(Collected data)
Variable ip : V -> V -> R.
Hypothesis ip_inner : inner_product ip.

Lemma span_ipnorm_bound : exists K, 0 <= K /\ forall z s,
  in_span b z -> (forall k, `|A z k| <= s) -> ipnorm ip z <= K * s.
Proof.
have [L [L_ge0 c_le]] := span_coef_bound.
have [G [G_ge0 z_le]] := ipnorm_sum_le _ ip_inner _ b.
exists (L * G); split=> [|z s [c ->] Az_le]; first exact: mulr_ge0.
have s_ge0 : 0 <= s := le_trans (normr_ge0 _) (Az_le 0%N).
rewrite mulrAC; apply: z_le; [exact: mulr_ge0 | exact: c_le].
Qed.

End LinearCoordinates.

Section Sequences.
Context {R : realType}.
Implicit Types (xi eta u w : nat -> R).

Lemma pair_seq_cvg xi u : (forall k, `|xi k| <= 1) -> in_l1 u ->
  cvgn (series (fun k => xi k * u k)).
Proof.
move=> xi_le1 u_l1; apply: (@normed_cvg R R).
apply: (series_le_cvg _ _ _ u_l1) => k //=.
by rewrite normrM -[leRHS]mul1r ler_wpM2r.
Qed.

Lemma pair_seq_le_l1norm xi u : (forall k, `|xi k| <= 1) -> in_l1 u ->
  pair_seq xi u <= l1norm u.
Proof.
move=> xi_le1 u_l1; apply: lim_series_le => [||k]; [exact: pair_seq_cvg | exact: u_l1 |].
apply: le_trans (ler_norm _) _.
by rewrite normrM -[leRHS]mul1r ler_wpM2r.
Qed.

Lemma pair_seqBB xi eta u w :
  (forall k, `|xi k| <= 1) -> (forall k, `|eta k| <= 1) -> in_l1 u -> in_l1 w ->
  pair_seq (fun k => xi k - eta k) (fun k => u k - w k) =
  pair_seq xi u - pair_seq xi w - (pair_seq eta u - pair_seq eta w).
Proof.
move=> xi_le1 eta_le1 u_l1 w_l1.
have cvg_xi_u := pair_seq_cvg _ _ xi_le1 u_l1; have cvg_xi_w := pair_seq_cvg _ _ xi_le1 w_l1.
have cvg_eta_u := pair_seq_cvg _ _ eta_le1 u_l1; have cvg_eta_w := pair_seq_cvg _ _ eta_le1 w_l1.
rewrite /pair_seq; have -> : (fun k => (xi k - eta k) * (u k - w k)) =
    ((fun k => xi k * u k) - (fun k => xi k * w k))
    - ((fun k => eta k * u k) - (fun k => eta k * w k)).
  by apply/funext => k; rewrite !fctE; ring.
rewrite lim_seriesB; try exact: is_cvg_seriesB.
by rewrite !lim_seriesB.
Qed.

Lemma le_supnorm (x : nat -> R) M k : (forall j, `|x j| <= M) -> `|x k| <= supnorm x.
Proof. by move=> x_le; apply: ub_le_sup; [exists M => _ [j _ <-] | exists k]. Qed.

Lemma supnorm_le (x : nat -> R) s : (forall j, `|x j| <= s) -> supnorm x <= s.
Proof. by move=> x_le; apply: ge_sup; [exists `|x 0%N|, 0%N | move=> _ [j _ <-]]. Qed.

End Sequences.

Section Kappa.
Context {R : realType} {V : lmodType R} {ip : V -> V -> R} {A : V -> nat -> R}.
Hypothesis ip_inner : inner_product ip.
Hypothesis A_linear : forall (a : R) x y k, A (a *: x + y) k = a * A x k + A y k.
Context {C : R}.
Hypothesis A_bounded : forall x k, `|A x k| <= C * ipnorm ip x.
Context {n : nat} {b : 'I_n -> V}.
Hypotheses (b_indep : lin_indep b) (A_inj : kernel_trivial_on A b).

#### Task details
Which lines should be output? Exactly those from the first line of the data through the line containing "have cvg_eta_u := pair_seq_cvg", inclusive.

#### Task result
Variable ip : V -> V -> R.
Hypothesis ip_inner : inner_product ip.

Lemma span_ipnorm_bound : exists K, 0 <= K /\ forall z s,
  in_span b z -> (forall k, `|A z k| <= s) -> ipnorm ip z <= K * s.
Proof.
have [L [L_ge0 c_le]] := span_coef_bound.
have [G [G_ge0 z_le]] := ipnorm_sum_le _ ip_inner _ b.
exists (L * G); split=> [|z s [c ->] Az_le]; first exact: mulr_ge0.
have s_ge0 : 0 <= s := le_trans (normr_ge0 _) (Az_le 0%N).
rewrite mulrAC; apply: z_le; [exact: mulr_ge0 | exact: c_le].
Qed.

End LinearCoordinates.

Section Sequences.
Context {R : realType}.
Implicit Types (xi eta u w : nat -> R).

Lemma pair_seq_cvg xi u : (forall k, `|xi k| <= 1) -> in_l1 u ->
  cvgn (series (fun k => xi k * u k)).
Proof.
move=> xi_le1 u_l1; apply: (@normed_cvg R R).
apply: (series_le_cvg _ _ _ u_l1) => k //=.
by rewrite normrM -[leRHS]mul1r ler_wpM2r.
Qed.

Lemma pair_seq_le_l1norm xi u : (forall k, `|xi k| <= 1) -> in_l1 u ->
  pair_seq xi u <= l1norm u.
Proof.
move=> xi_le1 u_l1; apply: lim_series_le => [||k]; [exact: pair_seq_cvg | exact: u_l1 |].
apply: le_trans (ler_norm _) _.
by rewrite normrM -[leRHS]mul1r ler_wpM2r.
Qed.

Lemma pair_seqBB xi eta u w :
  (forall k, `|xi k| <= 1) -> (forall k, `|eta k| <= 1) -> in_l1 u -> in_l1 w ->
  pair_seq (fun k => xi k - eta k) (fun k => u k - w k) =
  pair_seq xi u - pair_seq xi w - (pair_seq eta u - pair_seq eta w).
Proof.
move=> xi_le1 eta_le1 u_l1 w_l1.
have cvg_xi_u := pair_seq_cvg _ _ xi_le1 u_l1; have cvg_xi_w := pair_seq_cvg _ _ xi_le1 w_l1.
have cvg_eta_u := pair_seq_cvg _ _ eta_le1 u_l1; have cvg_eta_w := pair_seq_cvg _ _ eta_le1 w_l1.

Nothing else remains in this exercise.